(RECORDS SUPPLIED)
(* Define $f:\mathbb N\to\mathbb N$ by $$f(n)=\begin{cases}\lfloor\varphi n\rfloor+1, & n\in R_{0,0},\\ \lfloor(\varphi-1)n\rfloor, & n\in R_{1,0}.\end{cases}$$ Then $f$ is an $R_{i,j}$-permutation of $\mathbb N$ of order $2$ (i.e. $f$ is a bijection of $\mathbb N$, $f\circ f=\mathrm{id}$ and $f\neq\mathrm{id}$). Its first values are $2,1,5,7,3,10,4,13,15,6,\dots$.
   Context: $\mathbb N=\{1,2,\dots\}$, $\varphi=\frac{1+\sqrt5}{2}$. $F$ denotes the Fibonacci numbers ($F(0)=0,F(1)=F(2)=1$). $R_{i,j}$ ($i\in\mathbb Z^{\ge0},j\in\mathbb Z$) is the range of $n\mapsto F(i+1)\lfloor n\varphi\rfloor+F(i)n-j$, $n\in\mathbb N$; thus $R_{0,0}=\{\lfloor n\varphi\rfloor\}$ and $R_{1,0}=\{\lfloor n\varphi^2\rfloor\}$. An $R_{i,j}$-permutation is a permutation $\pi$ of $\mathbb N$ defined piecewise on a finite partition of $\mathbb N$ into sets $R_{i,j}$, with $\pi(n)=\lfloor(a\varphi+b)n+c\rfloor$ for $n$ in a given piece, for integers $a,b,c$ depending on the piece. *)

From Stdlib Require Import Reals ZArith List ClassicalEpsilon.
Open Scope R_scope.

Definition phi : R := (1 + sqrt 5) / 2.

(* floor: [up x] is the unique integer with x < up x <= x + 1 *)
Definition Zfloor (x : R) : Z := (up x - 1)%Z.

Fixpoint Fib (n : nat) : Z :=
  match n with
  | O => 0%Z
  | S m => match m with
           | O => 1%Z
           | S k => (Fib m + Fib k)%Z
           end
  end.

(* positive integers = the paper's N = {1,2,...} *)
Definition posZ (n : Z) : Prop := (0 < n)%Z.

Definition Rset (i : nat) (j : Z) (m : Z) : Prop :=
  exists n : Z, (0 < n)%Z /\
    m = (Fib (S i) * Zfloor (IZR n * phi) + Fib i * n - j)%Z.

(* p is a bijection of N = {1,2,...} (values outside N are irrelevant) *)
Definition perm_of_N (p : Z -> Z) : Prop :=
  (forall n, posZ n -> posZ (p n)) /\
  (forall n m, posZ n -> posZ m -> p n = p m -> n = m) /\
  (forall m, posZ m -> exists n, posZ n /\ p n = m).

(* a piece: (i, j, a, b, c) meaning pi(n) = floor((a phi + b) n + c) on R_{i,j} *)
Definition piece := (nat * Z * Z * Z * Z)%type.

Definition piece_set (q : piece) : Z -> Prop :=
  let '(i, j, _, _, _) := q in Rset i j.

Definition piece_rule (q : piece) (n : Z) : Z :=
  let '(_, _, a, b, c) := q in
  Zfloor ((IZR a * phi + IZR b) * IZR n + IZR c).

Definition default_piece : piece := (O, 0%Z, 0%Z, 0%Z, 0%Z).

Definition is_Rij_permutation (p : Z -> Z) : Prop :=
  perm_of_N p /\
  exists ps : list piece,
    (forall k, (k < length ps)%nat ->
       forall n, piece_set (nth k ps default_piece) n -> posZ n) /\
    (forall n, posZ n ->
       exists k, (k < length ps)%nat /\ piece_set (nth k ps default_piece) n /\
         forall k', (k' < length ps)%nat ->
           piece_set (nth k' ps default_piece) n -> k' = k) /\
    (forall k, (k < length ps)%nat ->
       forall n, piece_set (nth k ps default_piece) n ->
         p n = piece_rule (nth k ps default_piece) n).

Definition has_order_two (p : Z -> Z) : Prop :=
  (forall n, posZ n -> p (p n) = n) /\ (exists n, posZ n /\ p n <> n).
Lemma sum_sqr_diff (R : comPzRingType) n (l s : 'I_n -> R) :
  \sum_i \sum_j l i * l j * (s i - s j) ^+ 2 =
  ((\sum_i l i) * (\sum_i l i * s i ^+ 2) - (\sum_i l i * s i) ^+ 2) *+ 2.
Proof.
have -> : forall A B C : R, (A * B - C ^+ 2) *+ 2 = A * B + B * A - (C * C) *+ 2.
  by move=> A B C; rewrite !mulr2n; ring.
rewrite -!sum_mul_sum -!sumrMnl -!big_split -sumrB /=; apply: eq_bigr => i _.
rewrite -sumrMnl -!big_split -sumrB /=; apply: eq_bigr => j _; rewrite mulr2n; ring.
Qed.

Lemma sum_edge_sqr_diff (R : numDomainType) n (l s : 'I_n -> R) :
  \sum_(e : edge n) l (val e).1 * l (val e).2 * (s (val e).1 - s (val e).2) ^+ 2 =
  (\sum_i l i) * (\sum_i l i * s i ^+ 2) - (\sum_i l i * s i) ^+ 2.
Proof.
apply: (@pmulrnI _ 2) => //; rewrite -sum_sqr_diff.
rewrite (sum_edge (fun p => l p.1 * l p.2 * (s p.1 - s p.2) ^+ 2)).
rewrite (@sum_lt_pairs _ _ (fun i j => l i * l j * (s i - s j) ^+ 2)) // => [i j|i].
  by ring.
by rewrite subrr expr0n mulr0.
Qed.

Section CutPolytope.
Variable R : realType.

Definition pair_weight n (l : 'I_n -> R) : edge n -> R :=
  fun e => l (val e).1 * l (val e).2.

Lemma cut_vec_sqr n (X : {set 'I_n}) e :
  cut_vec R X e = (((val e).1 \in X)%:R - ((val e).2 \in X)%:R) ^+ 2.
Proof. by rewrite /cut_vec; case: ((val e).1 \in X); case: ((val e).2 \in X) => /=; ring. Qed.

(* Slack at a cut of the negative-type inequality [sum_(i<j) l_i l_j x_ij <= 0],
   valid for CUT(n) when [sum_i l_i = 0]. *)
Lemma dot_pair_weight_cut n (l : 'I_n -> R) X : \sum_i l i = 0 ->
  dot (pair_weight l) (cut_vec R X) = - (\sum_(i in X) l i) ^+ 2.
Proof.
move=> l0; rewrite /dot; under eq_bigr => e _ do rewrite cut_vec_sqr.
rewrite (sum_edge_sqr_diff l (fun i => (i \in X)%:R)) l0 mul0r sub0r.
congr (- _ ^+ 2); rewrite [RHS]big_mkcond; apply: eq_bigr => i _.
by case: (i \in X); rewrite ?mulr1 ?mulr0.
Qed.

Lemma cut_vec_CUT n (X : {set 'I_n}) : CUT (cut_vec R X).
Proof.
exists (fun Y => (Y == X)%:R); split=> [Y||e]; first by rewrite ler0n.
  by rewrite (bigD1 X) //= eqxx big1 ?addr0 // => Y /negbTE ->.
rewrite (bigD1 X) //= eqxx mul1r big1 ?addr0 // => Y /negbTE ->.
by rewrite mul0r.
Qed.

Lemma scale_CUT_dot_le0 n (w : edge n -> R) rho x : 0 <= rho ->
  (forall X, dot w (cut_vec R X) <= 0) -> scale_set rho (@CUT R n) x -> dot w x <= 0.
Proof.
move=> rho0 valid [z [lam [lam0 lam1 zE]] xE].
have -> : dot w x = rho * \sum_X lam X * dot w (cut_vec R X).
  rewrite -dot_comb /dot mulr_sumr; apply: eq_bigr => e _.
  by rewrite xE zE mulrCA.
apply: mulr_ge0_le0 => //; rewrite -oppr_ge0 -sumrN; apply: sumr_ge0 => X _.
by rewrite -mulrN mulr_ge0 ?oppr_ge0.
Qed.

Lemma scale_CUT_bounds n rho (x : vecE R n) e :
  0 <= rho -> scale_set rho (@CUT R n) x -> 0 <= x e <= rho.
Proof.
move=> rho0 [z [lam [lam0 lam1 zE]] ->].
have cut01 X : 0 <= cut_vec R X e <= 1 by rewrite /cut_vec; case: ifP; rewrite ?lexx ?ler01.
have z0 : 0 <= z e.
  by rewrite zE; apply: sumr_ge0 => X _; rewrite mulr_ge0 //; case/andP: (cut01 X).
have z1 : z e <= 1.
  rewrite zE -lam1; apply: ler_sum => X _; rewrite ler_piMr //.
  by case/andP: (cut01 X).
by apply/andP; split; nra.
Qed.
End CutPolytope.

Section SubsetEncoding.
Variables (R : realType) (m : nat).

(* Vertices [0] and [1] are special; vertex [i + 2] stands for the element [i] of
   a subset of [{0, .., m - 1}]. *)
Definition row_weight (a : seq bool) (v : 'I_m.+2) : R :=
  if val v == 0%N then \sum_(i < m) (nth false a i)%:R - 1
  else if val v == 1%N then 1 else - (nth false a (val v).-2)%:R.

Definition col_cut (b : seq bool) : {set 'I_m.+2} :=
  [set v : 'I_m.+2 | (val v == 1%N) || (1 < val v)%N && nth false b (val v).-2].

Lemma sum_row_weight a : \sum_v row_weight a v = 0.
Proof. by rewrite !big_ord_recl /row_weight /= sumrN; ring. Qed.

Lemma sum_row_weight_col_cut a b :
  \sum_(v in col_cut b) row_weight a v = 1 - (meet_size m a b)%:R.
Proof.
rewrite big_mkcond !big_ord_recl /row_weight /col_cut /= !inE /= /meet_size natr_sum.
under eq_bigr => i _ do rewrite inE /=.
rewrite add0r -sumrN; congr (_ + _); apply: eq_bigr => i _.
by case: (nth false a i); case: (nth false b i); rewrite ?oppr0.
Qed.
End SubsetEncoding.

Section CutExtendedFormulations.
Variables (R : realType) (m : nat) (rho : R).
Hypothesis rho0 : 0 <= rho.

Lemma EF_CUT_rect_cover r :
  has_EF (@CUT R m.+2) (scale_set rho (@CUT R m.+2)) r -> (3 ^ m <= r * 2 ^ m)%N.
Proof.
move=> [k [E [F [g [inK inQ]]]]].
have lift X : exists y, lifted E F g (cut_vec R X) y by apply: inK; apply: cut_vec_CUT.
have [y0 L0] := lift set0.
have /choice [ycol Lcol] : forall b, exists y, lifted E F g (cut_vec R (col_cut m b)) y.
  by move=> b; apply: lift.
pose w a := pair_weight (@row_weight R m a).
have dot_cut a X : dot (w a) (cut_vec R X) = - (\sum_(v in X) @row_weight R m a v) ^+ 2.
  exact/dot_pair_weight_cut/sum_row_weight.
have valid a x y : lifted E F g x y -> dot (w a) x <= 0.
  move=> Lxy; apply: (scale_CUT_dot_le0 rho0) (inQ x (ex_intro _ y Lxy)) => X.
  by rewrite dot_cut oppr_le0 sqr_ge0.
have tight0 a : dot (w a) (cut_vec R set0) = 0 by rewrite dot_cut big_set0 expr0n oppr0.
have slack a b : dot (w a) (cut_vec R (col_cut m b)) = - (1 - (meet_size m a b)%:R) ^+ 2.
  by rewrite dot_cut sum_row_weight_col_cut.
pose A j a := `[< face_forces E F g (w a) j >].
pose B j b := 0 < ycol b j.
apply: (@rect_cover_size m r A B) => [j a b /asboolP forced pos|a b disj].
  apply/eqP => one; move: pos; rewrite /B (forced _ _ (Lcol b)) ?ltxx //.
  by rewrite slack one subrr expr0n oppr0.
have neg : dot (w a) (cut_vec R (col_cut m b)) < 0.
  by rewrite slack disj subr0 expr1n ltrN10.
have [j [pos forced]] := face_coordinate (valid a) L0 (tight0 a) (Lcol b) neg.
by exists j; rewrite /A /B pos andbT; apply/asboolP.
Qed.

Lemma EF_CUT_size_ge2 r :
  has_EF (@CUT R m.+2) (scale_set rho (@CUT R m.+2)) r -> (2 <= r)%N.
Proof.
move=> [k [E [F [g [inK inQ]]]]]; rewrite leqNgt; apply/negP => r_le1.
have [y0 L0] : exists y, lifted E F g (cut_vec R set0) y by apply/inK/cut_vec_CUT.
have [y1 L1] : exists y, lifted E F g (cut_vec R [set ord0]) y by apply/inK/cut_vec_CUT.
pose e01 : edge m.+2 := exist _ (ord0, lift ord0 ord0) isT.
have bounds t y : lifted E F g (affine2 t (cut_vec R set0) (cut_vec R [set ord0])) y ->
    0 <= t <= rho.
  move=> Lt; have := scale_CUT_bounds e01 rho0 (inQ _ (ex_intro _ y Lt)).
  by rewrite /affine2 /cut_vec /= !inE /= mulr0 mulr1 add0r.
case: (lifted_ray r_le1 L0 L1) => ray.
  have rho1 : 1 <= rho + 1 by rewrite lerDr.
  by have /bounds/andP[] := ray _ rho1; lra.
have neg1 : -1 <= 0 :> R by rewrite lerN10.
by have /bounds/andP[] := ray _ neg1; lra.
Qed.

Lemma EF_CUT_size r :
  has_EF (@CUT R m.+2) (scale_set rho (@CUT R m.+2)) r -> (2 ^ m.+2 <= r ^ 4)%N.
Proof.
by move=> EF; apply: quartic_bound; [apply: EF_CUT_size_ge2 | apply: EF_CUT_rect_cover].
Qed.
End CutExtendedFormulations.

Lemma powR2_quarter_le (R : realType) (k r : nat) :
  (2 ^ k <= r ^ 4)%N -> powR 2 (4^-1 * k%:R) <= r%:R :> R.
Proof.
move=> le_k.
have pow4 : powR 2 (4^-1 * k%:R) ^+ 4 = 2 ^+ k :> R.
  rewrite -powR_mulrn ?powR_ge0 // -powRrM -powR_mulrn ?ler0n //; congr (powR _ _).
  by rewrite mulrAC mulVf ?mul1r // pnatr_eq0.
by rewrite -(@ler_pXn2r _ 4) // ?nnegrE ?powR_ge0 ?ler0n // pow4 -!natrX ler_nat.
Qed.

Theorem proposition3 (R : realType) :
  exists c : R, 0 < c /\
    forall (rho : R) (n : nat), 1 <= rho -> (2 <= n)%N ->
      xc_ge (@CUT R n) (scale_set rho (@CUT R n)) (powR 2 (c * n%:R)).
Proof.
exists 4^-1; split; first by rewrite invr_gt0 ltr0n.
move=> rho [|[|m]] // rho1 _ r EF.
apply/powR2_quarter_le/(EF_CUT_size _ EF).
by apply: le_trans rho1.
Qed.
(End RECORDS SUPPLIED)
Which lines above contain the word "under"? Copy each one.

*RESULT OF THE EXERCISE*.
move=> l0; rewrite /dot; under eq_bigr => e _ do rewrite cut_vec_sqr.
under eq_bigr => i _ do rewrite inE /=.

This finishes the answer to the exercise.